▶ Work order:
Only one span of the listing below should come back. It runs from the line with "ctrmx M = (n%:R)%:M." through the line with "(* pi(L) = s : L", and each of its lines must be reproduced exactly.
┌─ Supplied material
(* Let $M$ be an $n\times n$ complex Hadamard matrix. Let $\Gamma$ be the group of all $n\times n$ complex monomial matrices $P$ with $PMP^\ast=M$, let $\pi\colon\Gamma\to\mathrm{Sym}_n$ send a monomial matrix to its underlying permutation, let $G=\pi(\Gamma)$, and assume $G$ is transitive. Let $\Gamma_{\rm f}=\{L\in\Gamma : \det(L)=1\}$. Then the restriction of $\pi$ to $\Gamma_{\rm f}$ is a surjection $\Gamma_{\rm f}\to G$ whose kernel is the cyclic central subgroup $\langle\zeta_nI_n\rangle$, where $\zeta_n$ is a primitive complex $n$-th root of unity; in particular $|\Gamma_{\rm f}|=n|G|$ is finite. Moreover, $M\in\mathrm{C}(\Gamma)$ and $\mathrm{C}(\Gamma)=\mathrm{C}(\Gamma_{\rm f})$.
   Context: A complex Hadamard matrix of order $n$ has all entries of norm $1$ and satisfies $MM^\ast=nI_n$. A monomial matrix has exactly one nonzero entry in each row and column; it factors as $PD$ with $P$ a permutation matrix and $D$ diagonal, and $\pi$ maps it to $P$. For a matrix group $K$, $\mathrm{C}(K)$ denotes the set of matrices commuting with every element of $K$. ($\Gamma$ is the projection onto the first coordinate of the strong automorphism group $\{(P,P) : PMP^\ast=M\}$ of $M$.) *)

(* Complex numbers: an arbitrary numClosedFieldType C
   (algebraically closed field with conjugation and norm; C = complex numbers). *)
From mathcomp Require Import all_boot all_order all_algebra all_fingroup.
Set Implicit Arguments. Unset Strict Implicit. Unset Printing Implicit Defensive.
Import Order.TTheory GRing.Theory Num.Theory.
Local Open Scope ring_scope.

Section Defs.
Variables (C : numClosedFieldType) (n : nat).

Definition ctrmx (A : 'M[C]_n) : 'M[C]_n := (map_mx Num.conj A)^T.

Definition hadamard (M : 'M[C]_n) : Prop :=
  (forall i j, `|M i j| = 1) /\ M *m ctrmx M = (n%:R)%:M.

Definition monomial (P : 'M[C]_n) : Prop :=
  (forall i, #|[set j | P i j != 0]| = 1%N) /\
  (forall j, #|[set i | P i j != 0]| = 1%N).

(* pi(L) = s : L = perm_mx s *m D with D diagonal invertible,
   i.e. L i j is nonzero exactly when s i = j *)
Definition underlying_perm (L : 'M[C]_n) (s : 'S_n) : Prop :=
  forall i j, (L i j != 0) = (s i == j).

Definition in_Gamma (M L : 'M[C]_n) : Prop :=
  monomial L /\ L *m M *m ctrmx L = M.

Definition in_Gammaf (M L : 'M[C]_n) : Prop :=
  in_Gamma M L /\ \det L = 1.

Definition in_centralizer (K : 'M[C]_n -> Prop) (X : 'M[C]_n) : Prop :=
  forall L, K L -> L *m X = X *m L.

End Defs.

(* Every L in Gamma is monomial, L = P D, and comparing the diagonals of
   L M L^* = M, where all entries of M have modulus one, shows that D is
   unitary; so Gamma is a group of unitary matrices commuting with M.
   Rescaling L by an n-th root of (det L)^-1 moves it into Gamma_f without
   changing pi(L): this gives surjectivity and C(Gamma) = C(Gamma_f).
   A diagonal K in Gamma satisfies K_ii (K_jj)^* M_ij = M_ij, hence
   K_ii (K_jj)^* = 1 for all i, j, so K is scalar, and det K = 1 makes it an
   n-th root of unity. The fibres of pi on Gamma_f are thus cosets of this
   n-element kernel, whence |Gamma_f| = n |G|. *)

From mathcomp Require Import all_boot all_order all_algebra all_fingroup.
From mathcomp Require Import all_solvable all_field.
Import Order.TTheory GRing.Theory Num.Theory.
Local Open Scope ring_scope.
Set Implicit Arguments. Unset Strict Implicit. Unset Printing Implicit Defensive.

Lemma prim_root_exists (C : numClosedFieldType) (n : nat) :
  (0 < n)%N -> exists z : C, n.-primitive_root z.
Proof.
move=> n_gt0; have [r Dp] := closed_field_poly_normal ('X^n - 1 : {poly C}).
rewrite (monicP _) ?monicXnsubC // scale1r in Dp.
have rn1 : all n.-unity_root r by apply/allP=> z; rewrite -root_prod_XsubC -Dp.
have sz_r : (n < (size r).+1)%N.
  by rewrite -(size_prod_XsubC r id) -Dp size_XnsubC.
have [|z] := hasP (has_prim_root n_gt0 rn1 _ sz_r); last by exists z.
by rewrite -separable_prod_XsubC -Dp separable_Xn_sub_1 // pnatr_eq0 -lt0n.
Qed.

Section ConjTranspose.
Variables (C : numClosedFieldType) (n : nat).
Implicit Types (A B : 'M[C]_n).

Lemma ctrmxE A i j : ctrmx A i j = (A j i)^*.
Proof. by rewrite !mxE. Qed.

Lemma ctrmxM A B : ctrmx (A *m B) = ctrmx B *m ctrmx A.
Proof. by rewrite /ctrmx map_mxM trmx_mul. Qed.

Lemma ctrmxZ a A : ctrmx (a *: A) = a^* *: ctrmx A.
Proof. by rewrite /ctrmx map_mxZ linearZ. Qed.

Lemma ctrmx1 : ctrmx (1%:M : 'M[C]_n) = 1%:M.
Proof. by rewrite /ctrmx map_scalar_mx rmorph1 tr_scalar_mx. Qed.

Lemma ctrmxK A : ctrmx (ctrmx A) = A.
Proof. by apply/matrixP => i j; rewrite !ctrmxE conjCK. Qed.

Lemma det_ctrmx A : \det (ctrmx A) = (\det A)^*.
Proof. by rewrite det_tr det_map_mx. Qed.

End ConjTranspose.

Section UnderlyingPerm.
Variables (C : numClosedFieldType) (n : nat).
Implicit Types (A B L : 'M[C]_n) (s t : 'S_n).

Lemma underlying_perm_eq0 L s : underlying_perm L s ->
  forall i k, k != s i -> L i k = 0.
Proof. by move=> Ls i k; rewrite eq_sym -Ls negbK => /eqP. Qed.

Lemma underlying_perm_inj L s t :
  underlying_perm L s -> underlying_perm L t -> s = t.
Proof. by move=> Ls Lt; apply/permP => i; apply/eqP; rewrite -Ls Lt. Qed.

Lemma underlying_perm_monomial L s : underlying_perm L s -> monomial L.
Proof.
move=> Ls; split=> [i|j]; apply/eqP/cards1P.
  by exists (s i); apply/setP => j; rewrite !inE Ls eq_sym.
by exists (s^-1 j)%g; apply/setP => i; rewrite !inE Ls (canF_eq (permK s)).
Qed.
└─
▶ Result of the exercise:
  (forall i j, `|M i j| = 1) /\ M *m ctrmx M = (n%:R)%:M.

Definition monomial (P : 'M[C]_n) : Prop :=
  (forall i, #|[set j | P i j != 0]| = 1%N) /\
  (forall j, #|[set i | P i j != 0]| = 1%N).

(* pi(L) = s : L = perm_mx s *m D with D diagonal invertible,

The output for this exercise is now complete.